Start of DATA EXTRACT

Lemma lift_reachable x y u v : ~ tree_edge x y ->
  reachable (edge_del star_edge x y) u v -> reachable (edge_del E x y) (lift u) (lift v).
Proof.
move=> Txy [s [Hs <-]]; elim: s u Hs => [|w s IH] u /=; first by move=> _; exists [::].
by move=> [Suw /IH]; apply: reachable_trans; apply: lift_step.
Qed.

(* Along a walk from [y] avoiding the tree edge [xy], one either is still in the
   tree, or has left it at some [n] in [N] and used outer edges only since, or
   has already found an outer link. *)
Definition tree_escape x y t :=
  [\/ tree_vertex t /\ reachable (edge_del tree_edge x y) y t,
      exists2 n, N n & reachable (edge_del tree_edge x y) y n /\ reachable outer_edge n t
    | outer_link].

Lemma tree_escape_step x y t t' :
  tree_escape x y t -> edge_del E x y t t' -> tree_escape x y t'.
Proof.
move=> It [Ett' Nxy].
have Tdel : F t \/ F t' -> edge_del tree_edge x y t t' by split.
case: It => [[Tt Ryt]|[n Nn [Ryn Rnt]]|Hout]; last by constructor 3.
  case: (boolP (F t || F t')) => [/orP Ftt'|]; last rewrite negb_or => /andP[Ft Ft'].
    have Ttt' : tree_edge t t' by [].
    constructor 1; split; first by case: (tree_edge_vertex Ttt').
    exact: reachable_trans Ryt (reachable_edge (Tdel Ftt')).
  constructor 2; exists t; first exact: tree_vertex_N Tt Ft.
  by split=> //; apply: reachable_edge.
have Ft := outer_reachable_notF Rnt (N_notF Nn).
case: (boolP (F t')) => Ft'; last first.
  constructor 2; exists n => //; split=> //.
  by apply: reachable_trans Rnt (reachable_edge _).
have Ttt' : tree_edge t t' by split=> //; right.
have Nt : N t.
  by case/tree_edge_shape: Ttt' => [[_ [Ft'' _]]|[]//]; move: Ft; rewrite Ft''.
have [tn|/eqP tNn] := eqVneq t n.
  constructor 1; split; first by case: (tree_edge_vertex Ttt').
  by apply: reachable_trans Ryn _; rewrite -tn; apply/reachable_edge/Tdel; right.
by constructor 3; exists n, t; split=> // nt; apply: tNn.
Qed.

Lemma tree_escape_reachable x y t t' :
  reachable (edge_del E x y) t t' -> tree_escape x y t -> tree_escape x y t'.
Proof.
move=> [s [Hs <-]]; elim: s t Hs => [|u s IH] t //= [Etu /IH Hs] It.
exact/Hs/(tree_escape_step It).
Qed.

Lemma collapse_notF x : ~~ F x -> collapse x = x.
Proof. by rewrite /collapse => /negbTE ->. Qed.

Lemma collapse_eq x z : z <> c -> collapse x = z -> x = z.
Proof. by rewrite /collapse; case: ifP => // _ zNc cz; case: zNc. Qed.

Lemma no_return_of_star : no_return star_edge -> no_return E.
Proof.
move=> Snr x y Exy Ryx.
case: (boolP (F x || F y)) => [/orP Fxy|]; last rewrite negb_or => /andP[Fx Fy].
  have Txy : tree_edge x y by [].
  have [Tx Ty] := tree_edge_vertex Txy.
  have : tree_escape x y x.
    apply: tree_escape_reachable Ryx _.
    by constructor 1; split=> //; apply: reachable_refl.
  case=> [[_ Rt]|[n Nn [Ryn Rnx]]|]; last exact: star_no_outer_link.
    exact: tree_no_return Txy Rt.
  have Nx := tree_vertex_N Tx (outer_reachable_notF Rnx (N_notF Nn)).
  have [xn|/eqP xNn] := eqVneq x n.
    by rewrite -xn in Ryn; apply: (tree_no_return Txy).
  by apply: star_no_outer_link Snr _; exists n, x; split=> // nx; apply: xNn.
have [Sxy xNc yNc] := outer_star_edge (conj Exy (conj Fx Fy)).
apply: (Snr x y Sxy).
have : reachable (edge_del star_edge x y) (collapse y) (collapse x).
  apply: map_reachable Ryx => u v [Euv [Nxy Nyx]]; split; first exact: collapse_edge.
  split=> -[eu ev]; [apply: Nxy | apply: Nyx].
    by split; [apply: collapse_eq xNc eu | apply: collapse_eq yNc ev].
  by split; [apply: collapse_eq yNc eu | apply: collapse_eq xNc ev].
by rewrite !collapse_notF.
Qed.

(* Along a walk from [c] avoiding the star edge [cn], once [c] is left through
   some [m <> n] in [N] the walk can only continue by outer edges. *)
Definition star_escape n t :=
  t = c \/ exists2 m, N m /\ m <> n & reachable outer_edge m t.

Lemma star_escape_step n t t' :
  star_escape n t -> edge_del star_edge c n t t' -> star_escape n t'.
Proof.
move=> Jt [Stt' [Ncn _]].
have [t'c|/eqP t'Nc] := eqVneq t' c; first by left.
have [tc|/eqP tNc] := eqVneq t c.
  right; exists t'; last exact: reachable_refl.
  by split=> [|t'n]; [apply: star_edge_c; rewrite -tc | apply: Ncn].
case: Jt => [//|[m Nm Rmt]]; right; exists m => //.
exact: reachable_trans Rmt (reachable_edge (star_outer_edge Stt' tNc t'Nc)).
Qed.

Lemma star_escape_reachable n t t' :
  reachable (edge_del star_edge c n) t t' -> star_escape n t -> star_escape n t'.
Proof.
move=> [s [Hs <-]]; elim: s t Hs => [|u s IH] t //= [Stu /IH Hs] Jt.
exact/Hs/(star_escape_step Jt).
Qed.

Lemma star_escape_link n : N n -> reachable (edge_del star_edge c n) c n -> outer_link.
Proof.
move=> Nn /star_escape_reachable /(_ (or_introl erefl)) [/N_neq_c //|[m [Nm mn] Rmn]].
by exists m, n.
Qed.

Lemma outer_not_tree_edge x y : outer_edge x y -> ~ tree_edge x y.
Proof. by move=> [_ [Fx Fy]] [_ [Fx'|Fy']]; [move: Fx|move: Fy]; rewrite ?Fx' ?Fy'. Qed.

Lemma star_no_return : no_return E -> no_return star_edge.
Proof.
move=> Enr x y Sxy Ryx; have Enl := no_return_no_outer_link Enr.
have [xc|/eqP xNc] := eqVneq x c.
  rewrite xc in Sxy Ryx; apply/Enl/(star_escape_link (star_edge_c Sxy)).
  by apply: reachable_sym Ryx => u v; apply: edge_del_sym star_edge_sym.
have [yc|/eqP yNc] := eqVneq y c.
  rewrite yc in Sxy Ryx; apply/Enl/(star_escape_link (star_edge_c (star_edge_sym Sxy))).
  by apply: sub_reachable Ryx => u v; apply: edge_delC.
have Oxy := star_outer_edge Sxy xNc yNc.
case: (Enr x y Oxy.1).
by have := lift_reachable (outer_not_tree_edge Oxy) Ryx; rewrite !lift_id.
Qed.

Lemma star_connected : connected P E -> connected star_vertex star_edge.
Proof.
move=> Econn x y Sx Sy.
have := Econn _ _ (lift_vertex Sx) (lift_vertex Sy).
move/(map_reachable (f := collapse) collapse_edge).
by rewrite !collapseK.
Qed.

Lemma connected_of_star : connected star_vertex star_edge -> connected P E.
Proof.
move=> Sconn x y Px Py.
have lift_collapse z :
    P z -> reachable E z (lift (collapse z)) /\ reachable E (lift (collapse z)) z.
  move=> Pz; rewrite /collapse; case: ifP => Fz.
    have Tz : tree_vertex z by left.
    have Tx0 : tree_vertex x0 by left.
    by rewrite /lift eqxx; split; apply: sub_reachable (tree_connected _ _) => // ? ? [].
  rewrite lift_id; first by split; apply: reachable_refl.
  by move=> zc; apply: c_notP; rewrite -zc.
apply: reachable_trans (lift_collapse _ Px).1 _.
apply: reachable_trans (lift_collapse _ Py).2.
have Tcc : ~ tree_edge c c by move=> [/E_irr].
apply: sub_reachable (lift_reachable Tcc _) => [? ? []//|].
apply: sub_reachable (Sconn _ _ (collapse_vertex Px) (collapse_vertex Py)) => ? ?.
exact: edge_del_loop star_edge_irr.
Qed.

Theorem star_replacement_tree : is_tree star_vertex star_edge <-> is_tree P E.
Proof.
split=> [[_ [Sconn Sac]]|[_ [Econn Eac]]].
  split; first by exists x0.
  split; first exact: connected_of_star.
  exact: no_return_acyclic (no_return_of_star (acyclic_no_return star_edge_irr Sac)).
split; first by exists c; left.
split; first exact: star_connected.
exact: no_return_acyclic (star_no_return (acyclic_no_return E_irr Eac)).
Qed.

End StarReplacement.

Section Language.
Variables (A : finType) (X : config A -> Prop).
Implicit Types (s t : seq A).

Lemma window_cat (x : config A) (i : int) (n m : nat) :
  window x i (n + m) = window x i n ++ window x (i + n%:Z)%R m.
Proof.
rewrite /window iotaD map_cat add0n; congr (_ ++ _).
rewrite -[n in iota n m]addn0 iotaDl -map_comp; apply: eq_map => k /=.
by rewrite PoszD addrA.
Qed.

Lemma window_cons (x : config A) (i : int) (n : nat) :
  window x (i - 1)%R n.+1 = x (i - 1)%R :: window x i n.
Proof.
rewrite /window /= addr0; congr (_ :: _).
rewrite -[1%N]addn0 iotaDl -map_comp; apply: eq_map => k /=.
by rewrite PoszD addrA subrK.
Qed.

Lemma lang_cat s t : lang X (s ++ t) -> lang X s /\ lang X t.
Proof.
move=> [x [i [Xx]]]; rewrite size_cat window_cat => /eqP.
rewrite eqseq_cat ?size_map ?size_iota // => /andP[/eqP ws /eqP wt].
by split; [exists x, i | exists x, (i + (size s)%:Z)%R].
Qed.

Lemma lang_catl s t : lang X (s ++ t) -> lang X s.
Proof. by case/lang_cat. Qed.

Lemma lang_catr s t : lang X (s ++ t) -> lang X t.
Proof. by case/lang_cat. Qed.

Lemma lang_extendl s : lang X s -> exists a, lang X (a :: s).
Proof.
move=> [x [i [Xx ws]]]; exists (x (i - 1)%R), x, (i - 1)%R.
by rewrite /= window_cons -ws.
Qed.

End Language.

Section ExtensionGraphs.
Variables (A : finType) (X : config A -> Prop).
Implicit Types (L R : seq A -> Prop) (w u v : seq A) (p q : vertex A).

Lemma ext_edge_sym L R w p q : ext_edge X L R w p q -> ext_edge X L R w q p.
Proof.
by move=> [Pp [Pq [[? [? ?]]|[? [? ?]]]]]; split=> //; split=> //; [right|left].
Qed.

Lemma ext_edge_irr L R w p : ~ ext_edge X L R w p p.
Proof. by move=> [_ [_ [[-> []]|[-> []]]]]. Qed.

Lemma ext_edge_vertex L R w p q :
  ext_edge X L R w p q -> ext_vertex X L R w p /\ ext_vertex X L R w q.
Proof. by case=> [? [? _]]. Qed.

Lemma ext_edge_bipartite L R w p q : ext_edge X L R w p q -> p.1 != q.1.
Proof. by case=> _ [_ [[-> [-> _]]|[-> [-> _]]]]. Qed.

Lemma ext_edge_lr L R w u v :
  ext_edge X L R w (false, u) (true, v) <-> [/\ L u, R v & lang X (u ++ w ++ v)].
Proof.
split=> [[[Lu _] [[Rv _] [[_ [_ //]]|[]//]]]|[Lu Rv Luwv]].
repeat split=> //; last by left.
  by apply: (lang_catl (t := v)); rewrite -catA.
exact: lang_catr Luwv.
Qed.

Lemma ext_edge_ind L R w (Q : vertex A -> vertex A -> Prop) :
  (forall p q, Q p q -> Q q p) ->
  (forall u v, [/\ L u, R v & lang X (u ++ w ++ v)] -> Q (false, u) (true, v)) ->
  forall p q, ext_edge X L R w p q -> Q p q.
Proof.
move=> Qsym Qlr [[] u] [[] v] Euv.
- by case: Euv => _ [_ [[]|[_ []]]].
- by apply: Qsym; apply: Qlr; apply/ext_edge_lr; apply: ext_edge_sym.
- by apply: Qlr; apply/ext_edge_lr.
- by case: Euv => _ [_ [[_ []]|[]]].
Qed.

Lemma ext_edge_char L R w (E : vertex A -> vertex A -> Prop) :
  (forall p q, E p q -> E q p) -> (forall p q, E p q -> p.1 != q.1) ->
  (forall u v, E (false, u) (true, v) <-> [/\ L u, R v & lang X (u ++ w ++ v)]) ->
  forall p q, ext_edge X L R w p q <-> E p q.
Proof.
move=> Esym Ebip Elr p q; split; first by apply: ext_edge_ind => // u v /Elr.
case: p q => [[] u] [[] v] Euv; move: (Ebip _ _ Euv) => //= _.
  by apply: ext_edge_sym; apply/ext_edge_lr/Elr/Esym.
by apply/ext_edge_lr/Elr.
Qed.

Lemma is_tree_ext (P P' : vertex A -> Prop) (E E' : vertex A -> vertex A -> Prop) :
  (forall p, P p <-> P' p) -> (forall p q, E p q <-> E' p q) ->
  is_tree P E <-> is_tree P' E'.
Proof.
suff ext_tree P1 P2 (E1 E2 : vertex A -> vertex A -> Prop) :
    (forall p, P1 p <-> P2 p) -> (forall p q, E1 p q <-> E2 p q) ->
    is_tree P1 E1 -> is_tree P2 E2.
  move=> PP' EE'; split; first exact: ext_tree PP' EE'.
  exact: ext_tree (fun p => iff_sym (PP' p)) (fun p q => iff_sym (EE' p q)).
move=> P12 E12 [[p P1p] [Econn Eac]]; split; first by exists p; apply/P12.
split=> [x y /P12 P1x /P12 P1y|[x [s [Hs Hx Hsz Hu]]]].
  have [s [Hs Hl]] := Econn x y P1x P1y.
  by exists s; split=> //; apply: sub_walk Hs => ? ? /E12.
by apply: Eac; exists x, s; split=> //; apply: sub_walk Hs => ? ? /E12.
Qed.

End ExtensionGraphs.

Section LetterExtensions.
Variables (A : finType) (X : config A -> Prop) (w l : seq A) (U V : seq (seq A)).
Variable a0 : A.
Hypothesis U_suffix_code : suffix_code (fun u => u \in U).
Hypothesis lw_lang : lang X (l ++ w).
Hypothesis a0lw_lang : lang X (a0 :: l ++ w).
Hypothesis AlU : forall a : A, lang X (a :: l) -> (a :: l) \in U.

End of DATA EXTRACT

TASK DESCRIPTION
For the lines above, output exactly those from the line containing "by constructor 3;" through the line containing "have [tc|/eqP tNc] := eqVneq t c.", and skip the others.

PROBLEM SOLUTION
by constructor 3; exists n, t; split=> // nt; apply: tNn.
Qed.

Lemma tree_escape_reachable x y t t' :
  reachable (edge_del E x y) t t' -> tree_escape x y t -> tree_escape x y t'.
Proof.
move=> [s [Hs <-]]; elim: s t Hs => [|u s IH] t //= [Etu /IH Hs] It.
exact/Hs/(tree_escape_step It).
Qed.

Lemma collapse_notF x : ~~ F x -> collapse x = x.
Proof. by rewrite /collapse => /negbTE ->. Qed.

Lemma collapse_eq x z : z <> c -> collapse x = z -> x = z.
Proof. by rewrite /collapse; case: ifP => // _ zNc cz; case: zNc. Qed.

Lemma no_return_of_star : no_return star_edge -> no_return E.
Proof.
move=> Snr x y Exy Ryx.
case: (boolP (F x || F y)) => [/orP Fxy|]; last rewrite negb_or => /andP[Fx Fy].
  have Txy : tree_edge x y by [].
  have [Tx Ty] := tree_edge_vertex Txy.
  have : tree_escape x y x.
    apply: tree_escape_reachable Ryx _.
    by constructor 1; split=> //; apply: reachable_refl.
  case=> [[_ Rt]|[n Nn [Ryn Rnx]]|]; last exact: star_no_outer_link.
    exact: tree_no_return Txy Rt.
  have Nx := tree_vertex_N Tx (outer_reachable_notF Rnx (N_notF Nn)).
  have [xn|/eqP xNn] := eqVneq x n.
    by rewrite -xn in Ryn; apply: (tree_no_return Txy).
  by apply: star_no_outer_link Snr _; exists n, x; split=> // nx; apply: xNn.
have [Sxy xNc yNc] := outer_star_edge (conj Exy (conj Fx Fy)).
apply: (Snr x y Sxy).
have : reachable (edge_del star_edge x y) (collapse y) (collapse x).
  apply: map_reachable Ryx => u v [Euv [Nxy Nyx]]; split; first exact: collapse_edge.
  split=> -[eu ev]; [apply: Nxy | apply: Nyx].
    by split; [apply: collapse_eq xNc eu | apply: collapse_eq yNc ev].
  by split; [apply: collapse_eq yNc eu | apply: collapse_eq xNc ev].
by rewrite !collapse_notF.
Qed.

(* Along a walk from [c] avoiding the star edge [cn], once [c] is left through
   some [m <> n] in [N] the walk can only continue by outer edges. *)
Definition star_escape n t :=
  t = c \/ exists2 m, N m /\ m <> n & reachable outer_edge m t.

Lemma star_escape_step n t t' :
  star_escape n t -> edge_del star_edge c n t t' -> star_escape n t'.
Proof.
move=> Jt [Stt' [Ncn _]].
have [t'c|/eqP t'Nc] := eqVneq t' c; first by left.
have [tc|/eqP tNc] := eqVneq t c.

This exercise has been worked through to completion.